Then give yourself a pat on the back for saving yourself $18 eating this delicious toast at home.

Tomato-Anchovy Toast

Servings: Serves 6

Ingredients

  • 3 tablespoons + 1/3 cup extra-virgin olive oil
  • 8 anchovy fillets
  • 1 clove garlic, minced
  • 1 teaspoon finely chopped fresh rosemary leaves
  • 2 lbs assorted heirloom tomatoes, diced
  • Freshly ground pepper
  • 1 loaf country sourdough bread, sliced 1/3" thick
  • Flaky sea salt
  • 1 cup fresh ricotta

Instructions

  1. First make the toast.

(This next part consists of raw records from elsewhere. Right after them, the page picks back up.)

(* Let $r_0,r_1,r_2\ge 1$ with $r_1<r_0$ and $r_1<r_2$, and let $L=\mathfrak{g}(r_0,r_1,r_2)$. Then $b(L)=r_1(r_0+r_2-r_1)$.
   Context: All Lie algebras are over an algebraically closed field $\mathbf{k}$ of characteristic zero. $\mathcal{P}(r_0,r_1,r_2)$ is the poset on $\{b_1,\dots,b_{r_0},m_1,\dots,m_{r_1},t_1,\dots,t_{r_2}\}$ whose strict relations are exactly $b_i\prec m_j$, $m_j\prec t_k$ and $b_i\prec t_k$ for all $i,j,k$. $\mathfrak{g}(r_0,r_1,r_2)$ denotes the nilpotent Lie poset algebra $\mathfrak{g}^{\prec}(\mathcal{P}(r_0,r_1,r_2))$: the Lie algebra under the commutator bracket spanned by matrix units $E_{p,q}$ with $p\prec q$. The breadth of a Lie algebra $L$ is $b(L)=\max_{x\in L}\operatorname{rank}(\mathrm{ad}_x)$, where $\mathrm{ad}_x=[x,-]$. *)

From HB Require Import structures.
From mathcomp Require Import all_boot all_order all_algebra.
Set Implicit Arguments. Unset Strict Implicit. Unset Printing Implicit Defensive.
Import GRing.Theory.
Local Open Scope ring_scope.

(* The poset P(r0,r1,r2) on 'I_(r0+r1+r2): indices < r0 are b_1..b_r0,
   indices in [r0, r0+r1) are m_1..m_r1, the rest are t_1..t_r2. *)
Definition plevel (r0 r1 r2 : nat) (i : 'I_(r0 + r1 + r2)) : nat :=
  if (i < r0)%N then 0%N else if (i < r0 + r1)%N then 1%N else 2%N.

Definition pprec (r0 r1 r2 : nat) (i j : 'I_(r0 + r1 + r2)) : bool :=
  (plevel i < plevel j)%N.

Definition in_gP (F : fieldType) (r0 r1 r2 : nat) (x : 'M[F]_(r0 + r1 + r2)) : Prop :=
  forall i j, ~~ pprec i j -> x i j = 0.

Definition lie_br (F : fieldType) (n : nat) (x y : 'M[F]_n) : 'M[F]_n :=
  x *m y - y *m x.

(* Matrix whose rows are ad_x applied to the basis E_{p,q} (p < q) of
   g(r0,r1,r2) (rows for non-relations are zero); its rank is rank(ad_x). *)
Definition ad_mx (F : fieldType) (r0 r1 r2 : nat) (x : 'M[F]_(r0 + r1 + r2)) :
  'M[F]_(#|{: 'I_(r0 + r1 + r2) * 'I_(r0 + r1 + r2)}|,
         (r0 + r1 + r2) * (r0 + r1 + r2)) :=
  \matrix_(k < #|{: 'I_(r0 + r1 + r2) * 'I_(r0 + r1 + r2)}|)
    let pq := enum_val k in
    if pprec pq.1 pq.2 then mxvec (lie_br x (delta_mx pq.1 pq.2)) else 0.

Definition ad_rank (F : fieldType) (r0 r1 r2 : nat) (x : 'M[F]_(r0 + r1 + r2)) : nat :=
  \rank (ad_mx x).

Definition is_breadth (F : fieldType) (r0 r1 r2 : nat) (b : nat) : Prop :=
  (exists2 x : 'M[F]_(r0 + r1 + r2), in_gP x & ad_rank x = b) /\
  (forall x : 'M[F]_(r0 + r1 + r2), in_gP x -> (ad_rank x <= b)%N).

From HB Require Import structures.
From mathcomp Require Import all_boot all_order all_algebra zify.
Import GRing.Theory.

(* An element x of L = g(r0,r1,r2) is a strictly block upper triangular
   matrix with three blocks: A = x|_(b,m) (r0 x r1), B = x|_(m,t) (r1 x r2)
   and C = x|_(b,t) (r0 x r2).  The product of two such matrices only has a
   (b,t) block, so [x, y] = embed (A_x B_y - A_y B_x) (lemma bracketE).

   Writing A = P pid Q and B = P' pid Q' (Gaussian elimination,
   P Q P' Q' invertible, ranks at most r1), every A B' - A' B equals
   P M Q' with M vanishing outside the "hook" {(i,j) | i < r1 or j < r1},
   a set of r1 (r0 + r2 - r1) positions.  Hence the image of ad_x lies in a
   space spanned by #|hook| vectors (commutator_sub_hook_span, card_hook).

   For x0 with A = B = pid, ad_x0 maps E_(b_i,m_j) and
   E_(m_i,t_j) to -/+ E_(b_i,t_j) for all (i,j) in the hook; these images
   are distinct standard basis vectors, so rank ad_x0 >= #|hook|. *)

Set Implicit Arguments. Unset Strict Implicit. Unset Printing Implicit Defensive.
Local Open Scope ring_scope.

Lemma card_ord_lt m k : (k <= m)%N -> #|[pred i : 'I_m | (i < k)%N]| = k.
Proof.
move=> km; have widen_inj : injective (widen_ord km).
  by move=> a b /(congr1 val) /= /val_inj.
rewrite -[RHS]card_ord -(card_image widen_inj); apply: eq_card => x /=.
rewrite inE; apply/idP/imageP => [xk|[y _ ->]]; last by rewrite /= ltn_ord.
by exists (Ordinal xk) => //; apply: val_inj.
Qed.

Lemma rank_rowsub1 (F : fieldType) p q (f : 'I_p -> 'I_q) :
  injective f -> \rank (rowsub f (1%:M : 'M[F]_q)) = p.
Proof.
move=> f_inj; apply/eqP; rewrite eqn_leq rank_leq_row /=.
have id_prod : rowsub f (1%:M : 'M[F]_q) *m (rowsub f 1%:M)^T = 1%:M.
  by apply/matrixP => i j; rewrite -rowsubE !mxE eq_sym (inj_eq f_inj).
by rewrite -[X in (X <= _)%N](mxrank1 F p) -id_prod mxrankM_maxl.
Qed.

Lemma mul_delta_pid (F : fieldType) p q s (i : 'I_p) (j' : 'I_q) (j : 'I_s) :
  j' = j :> nat -> delta_mx i j' *m pid_mx q = delta_mx i j :> 'M[F]_(p, s).
Proof.
move=> jj; apply/matrixP => a b.
rewrite mxE (bigD1 j') //= big1 => [|t /negbTE tj]; last by rewrite mxE tj andbF mul0r.
by rewrite !mxE eqxx andbT ltn_ord andbT addr0 jj -natrM mulnb [b == j]eq_sym.
Qed.

Lemma mul_pid_delta (F : fieldType) p q s (i' : 'I_q) (i : 'I_p) (j : 'I_s) :
  i' = i :> nat -> pid_mx q *m delta_mx i' j = delta_mx i j :> 'M[F]_(p, s).
Proof.
move=> ii; apply: trmx_inj.
by rewrite trmx_mul !trmx_delta tr_pid_mx (mul_delta_pid _ _ ii).
Qed.

Section Hook.
Variables (F : fieldType) (m k l : nat).

Definition hook : pred ('I_m * 'I_l) := fun p => (p.1 < k)%N || (p.2 < k)%N.

Lemma card_hook : (k <= m)%N -> (k <= l)%N -> #|hook| = (k * (m + l - k))%N.
Proof.
move=> km kl.
have card_ord_ge n : (k <= n)%N -> #|[pred i : 'I_n | ~~ (i < k)%N]| = (n - k)%N.
  move=> kn; rewrite -[n in RHS]card_ord -(cardC [pred i : 'I_n | (i < k)%N]).
  by rewrite card_ord_lt ?addKn.
have : (#|hook| + (m - k) * (l - k))%N = (m * l)%N.
  rewrite -!card_ord_ge // -cardX -[m in RHS]card_ord -[l in RHS]card_ord.
  rewrite -card_prod -(cardC hook); congr (_ + _); apply: eq_card => -[i j].
  by rewrite !inE /hook negb_or.
nia.
Qed.

Definition hook_span (P : 'M[F]_m) (Q : 'M[F]_l) : 'M[F]_(#|hook|, m * l) :=
  \matrix_(s < #|hook|) mxvec (P *m delta_mx (enum_val s).1 (enum_val s).2 *m Q).

Lemma supported_sub_hook_span P Q (M : 'M[F]_(m, l)) :
  (forall p, ~~ hook p -> M p.1 p.2 = 0) ->
  (mxvec (P *m M *m Q) <= hook_span P Q)%MS.
Proof.
move=> M0; rewrite (matrix_sum_delta M) pair_bigA /= mulmx_sumr mulmx_suml linear_sum.
rewrite (bigID hook) /= [X in _ + X]big1 ?addr0 => [|p /M0->]; last first.
  by rewrite scale0r mulmx0 mul0mx linear0.
rewrite big_enum_val /=; apply/submxP.
exists (\row_s M (enum_val s).1 (enum_val s).2).
rewrite mulmx_sum_row; apply: eq_bigr => s _.
by rewrite rowK mxE -scalemxAr -scalemxAl linearZ.
Qed.

(* pid_mx r *m X has no rows beyond r, Y *m pid_mx s no columns beyond s. *)
Lemma pid_commutator_support r s (X : 'M[F]_(k, l)) (Y : 'M[F]_(m, k)) p :
  (r <= k)%N -> (s <= k)%N -> ~~ hook p ->
  (pid_mx r *m X - Y *m pid_mx s) p.1 p.2 = 0.
Proof.
case: p => i j hr hs; rewrite /hook /= negb_or -!leqNgt => /andP[ki kj] /=.
rewrite !mxE !big1 ?subrr // => t _; rewrite mxE.
  case: eqP => [->|] //=; last by rewrite mulr0.
  by rewrite (_ : (j < s)%N = false) ?mulr0 // ltnNge (leq_trans hs kj).
by rewrite (_ : (i < r)%N = false) ?andbF ?mul0r // ltnNge (leq_trans hr ki).
Qed.

Lemma commutator_sub_hook_span (A A' : 'M[F]_(m, k)) (B B' : 'M[F]_(k, l)) :
  (mxvec (A *m B' - A' *m B) <= hook_span (col_ebase A) (row_ebase B))%MS.
Proof.
set P := col_ebase A; set Q := row_ebase B.
pose M := pid_mx (\rank A) *m (row_ebase A *m B' *m invmx Q)
          - (invmx P *m A' *m col_ebase B) *m pid_mx (\rank B).
have -> : A *m B' - A' *m B = P *m M *m Q.
  rewrite /M mulmxBr mulmxBl; congr (_ - _).
    by rewrite !mulmxA mulmxKV ?row_ebase_unit // mulmx_ebase.
  rewrite !mulmxA mulmxV ?col_ebase_unit // mul1mx -!mulmxA; congr (_ *m _).
  by rewrite mulmxA mulmx_ebase.
apply: supported_sub_hook_span => p.
by apply: pid_commutator_support; [exact: rank_leq_col | exact: rank_leq_row].
Qed.

End Hook.
(* The sizes m k l cannot all be inferred from a position, so make them
   explicit: hook m k l. *)
Arguments hook : clear implicits.

Definition blockE := (block_mxEul, block_mxEur, block_mxEdl, block_mxEdr,
                      col_mxEu, col_mxEd).

Section PosetAlgebra.
Variables (F : fieldType) (r0 r1 r2 : nat).
Local Notation n := (r0 + r1 + r2)%N.

Definition bidx (i : 'I_r0) : 'I_n := lshift r2 (lshift r1 i).
Definition midx (i : 'I_r1) : 'I_n := lshift r2 (rshift r0 i).
Definition tidx (i : 'I_r2) : 'I_n := rshift (r0 + r1) i.

Lemma ord3_ind (P : 'I_n -> Prop) :
  (forall i, P (bidx i)) -> (forall i, P (midx i)) -> (forall i, P (tidx i)) ->
  forall u, P u.
Proof.
move=> Pb Pm Pt u; rewrite -(splitK u); case: (split u) => [u1|j] /=; last exact: Pt.
rewrite -(splitK u1); case: (split u1) => [i|i] /=; [exact: Pb | exact: Pm].
Qed.

Lemma plevel_b i : plevel (bidx i) = 0%N.
Proof. by rewrite /plevel /= ltn_ord. Qed.
Lemma plevel_m i : plevel (midx i) = 1%N.
Proof. by rewrite /plevel /= ltnNge leq_addr /= ltn_add2l ltn_ord. Qed.
Lemma plevel_t i : plevel (tidx i) = 2%N.
Proof.
by rewrite /plevel /= !ltnNge !leq_addr (leq_trans (leq_addr r1 r0)) ?leq_addr.
Qed.
Definition plevelE := (plevel_b, plevel_m, plevel_t).

Definition of_blocks
    (A : 'M[F]_(r0, r1)) (B : 'M[F]_(r1, r2)) (C : 'M[F]_(r0, r2)) : 'M[F]_n :=
  block_mx (block_mx 0 A 0 0) (col_mx C B) 0 0.

Definition bm (x : 'M[F]_n) : 'M[F]_(r0, r1) := ursubmx (ulsubmx x).
Definition mt (x : 'M[F]_n) : 'M[F]_(r1, r2) := dsubmx (ursubmx x).
Definition bt (x : 'M[F]_n) : 'M[F]_(r0, r2) := usubmx (ursubmx x).

Lemma in_gP_of_blocks (x : 'M[F]_n) :
  in_gP x <-> x = of_blocks (bm x) (mt x) (bt x).
Proof.
split=> [hx|->]; last first.
  apply: ord3_ind => i; apply: ord3_ind => j; rewrite /pprec !plevelE //= => _;
  by rewrite /of_blocks ?blockE ?mxE.
apply/matrixP; apply: ord3_ind => i; apply: ord3_ind => j;
  by rewrite /of_blocks ?blockE !mxE //; apply: hx; rewrite /pprec !plevelE.
Qed.

Lemma of_blocksK A B C :
  [/\ bm (of_blocks A B C) = A, mt (of_blocks A B C) = B & bt (of_blocks A B C) = C].
Proof.
by rewrite /bm /mt /bt /of_blocks block_mxKul !block_mxKur col_mxKu col_mxKd.
Qed.

Lemma of_blocks_in A B C : in_gP (of_blocks A B C).
Proof. by apply/in_gP_of_blocks; case: (of_blocksK A B C) => -> -> ->. Qed.

(* Only the paths b < m < t survive in a product. *)
Lemma of_blocks_mul A B C A' B' C' :
  of_blocks A B C *m of_blocks A' B' C' = of_blocks 0 0 (A *m B').
Proof.
rewrite /of_blocks mulmx_block mulmx_block mul_block_col.
by rewrite !(mulmx0, mul0mx, addr0, add0r).
Qed.

Definition embed (C : 'M[F]_(r0, r2)) : 'M[F]_n := of_blocks 0 0 C.

Fact embed_is_linear : linear embed.
Proof.
move=> a C D; rewrite /embed /of_blocks scale_block_mx add_block_mx.
rewrite !scale_col_mx !add_col_mx.
by rewrite !(row_mx0, col_mx0, block_mx0, scaler0, addr0).
Qed.
HB.instance Definition _ := GRing.isLinear.Build F _ _ _ embed embed_is_linear.

Lemma mxvec_embed C : mxvec (embed C) = mxvec C *m lin_mx embed.
Proof. exact: esym (mul_vec_lin embed C). Qed.

Lemma of_blocks_bracket A B C A' B' C' :
  lie_br (of_blocks A B C) (of_blocks A' B' C') = embed (A *m B' - A' *m B).
Proof. by rewrite /lie_br !of_blocks_mul linearB. Qed.

Lemma bracketE (x y : 'M[F]_n) : in_gP x -> in_gP y ->
  lie_br x y = embed (bm x *m mt y - bm y *m mt x).
Proof.
by move=> /in_gP_of_blocks {1}-> /in_gP_of_blocks {1}->; rewrite of_blocks_bracket.
Qed.

Lemma delta_in (p q : 'I_n) : pprec p q -> in_gP (delta_mx p q : 'M[F]_n).
Proof.
move=> hpq u v npq; rewrite mxE.
by case: eqP => [eu|]; case: eqP => [ev|] //=; subst; rewrite hpq in npq.
Qed.

Lemma ad_mx_row (x : 'M[F]_n) p q : pprec p q ->
  row (enum_rank (p, q)) (ad_mx x) = mxvec (lie_br x (delta_mx p q)).
Proof. by move=> hpq; rewrite rowK enum_rankK /= hpq. Qed.

(* Upper bound: the rows of ad_mx x lie in the image under embed of the
   span of #|hook| vectors given by commutator_sub_hook_span. *)
Lemma ad_rank_le_hook (x : 'M[F]_n) :
  in_gP x -> (ad_rank x <= #|hook r0 r1 r2|)%N.
Proof.
move=> hx; pose S := hook_span r1 (col_ebase (bm x)) (row_ebase (mt x))
                     *m lin_mx embed.
have ad_sub : (ad_mx x <= S)%MS.
  apply/row_subP => s; rewrite rowK /=; case: ifP => hpq; last exact: sub0mx.
  rewrite bracketE //; last exact: delta_in.
  by rewrite mxvec_embed submxMr // commutator_sub_hook_span.
rewrite /ad_rank (leq_trans (mxrankS ad_sub)) // (leq_trans (mxrankM_maxl _ _)) //.
exact: rank_leq_row.
Qed.

Lemma delta_bm i j : delta_mx (bidx i) (midx j) = of_blocks (delta_mx i j) 0 0.
Proof.
apply/matrixP; apply: ord3_ind => a; apply: ord3_ind => b;
by rewrite /of_blocks ?blockE !mxE ?eq_shift ?andbF.
Qed.

Lemma delta_mt i j : delta_mx (midx i) (tidx j) = of_blocks 0 (delta_mx i j) 0.
Proof.
apply/matrixP; apply: ord3_ind => a; apply: ord3_ind => b;
by rewrite /of_blocks ?blockE !mxE ?eq_shift ?andbF.
Qed.

Lemma delta_bt i j : delta_mx (bidx i) (tidx j) = embed (delta_mx i j).
Proof.
apply/matrixP; apply: ord3_ind => a; apply: ord3_ind => b;
by rewrite /embed /of_blocks ?blockE !mxE ?eq_shift ?andbF.
Qed.

Definition x0 : 'M[F]_n := of_blocks (pid_mx r1) (pid_mx r1) 0.

Lemma x0_bracket_bm (i : 'I_r0) (j' : 'I_r1) (j : 'I_r2) : j' = j :> nat ->
  lie_br x0 (delta_mx (bidx i) (midx j')) = - embed (delta_mx i j).
Proof.
move=> jj; rewrite delta_bm of_blocks_bracket mulmx0 sub0r.
by rewrite (mul_delta_pid _ _ jj) linearN.
Qed.

Lemma x0_bracket_mt (i' : 'I_r1) (i : 'I_r0) (j : 'I_r2) : i' = i :> nat ->
  lie_br x0 (delta_mx (midx i') (tidx j)) = embed (delta_mx i j).
Proof.
by move=> ii; rewrite delta_mt of_blocks_bracket mul0mx subr0 (mul_pid_delta _ _ ii).
Qed.

Definition hook_rows : 'M[F]_(#|hook r0 r1 r2|, n * n) :=
  rowsub (fun s => mxvec_index (bidx (enum_val s).1) (tidx (enum_val s).2)) 1%:M.

Lemma row_hook_rows s :
  row s hook_rows = mxvec (embed (delta_mx (enum_val s).1 (enum_val s).2)).
Proof. by rewrite row_rowsub row1 -mxvec_delta delta_bt. Qed.

Lemma rank_hook_rows : \rank hook_rows = #|hook r0 r1 r2|.
Proof.
apply: rank_rowsub1 => s s' /cast_ord_inj /enum_rank_inj.
by case=> /val_inj e1 /addnI /val_inj e2; apply/enum_val_inj/injective_projections.
Qed.

Lemma hook_rows_sub : (hook_rows <= ad_mx x0)%MS.
Proof.
apply/row_subP => s; rewrite row_hook_rows.
have : enum_val s \in hook r0 r1 r2 := enum_valP s.
case: (enum_val s) => i j; rewrite /hook /= => /orP[hi|hj].
  have := row_sub (enum_rank (midx (Ordinal hi), tidx j)) (ad_mx x0).
  by rewrite ad_mx_row ?(@x0_bracket_mt (Ordinal hi) i j) // /pprec !plevelE.
have := row_sub (enum_rank (bidx i, midx (Ordinal hj))) (ad_mx x0).
rewrite ad_mx_row ?(@x0_bracket_bm i (Ordinal hj) j) ?linearN ?eqmx_opp //.
by rewrite /pprec !plevelE.
Qed.

Lemma hook_le_ad_rank_x0 : (#|hook r0 r1 r2| <= ad_rank x0)%N.
Proof. by rewrite -rank_hook_rows mxrankS // hook_rows_sub. Qed.
End PosetAlgebra.

Theorem theorem5 (F : closedFieldType) (charF0 : [pchar F]%R =i pred0)
  (r0 r1 r2 : nat) (h0 : (1 <= r0)%N) (h1 : (1 <= r1)%N) (h2 : (1 <= r2)%N)
  (h10 : (r1 < r0)%N) (h12 : (r1 < r2)%N) :
  is_breadth F r0 r1 r2 (r1 * (r0 + r2 - r1))%N.
Proof.
rewrite -(card_hook (ltnW h10) (ltnW h12)); split; last exact: ad_rank_le_hook.
have x0_in : in_gP (x0 F r0 r1 r2) by exact: of_blocks_in.
exists (x0 F r0 r1 r2) => //; apply/eqP.
by rewrite eqn_leq hook_le_ad_rank_x0 andbT; apply: ad_rank_le_hook.
Qed.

Preheat the oven to 450°. Arrange bread slices on a baking sheet and brush both sides with oil. Season with salt. Toast in the oven until golden brown, about 8 minutes. Let cool completely on a wire rack.
  2. Next make the topping. Heat the 3 tablespoons of oil, anchovies, garlic and rosemary in a small skillet over medium-low heat, stirring occasionally, until the anchovies break down, about 4 minutes.
  3. Place tomatoes in a bowl, drizzle with the anchovy mixture and season with pepper. Spread ricotta on each toast slice; drizzle with olive oil and sprinkle with pepper. Top with the tomato-anchovy mixture.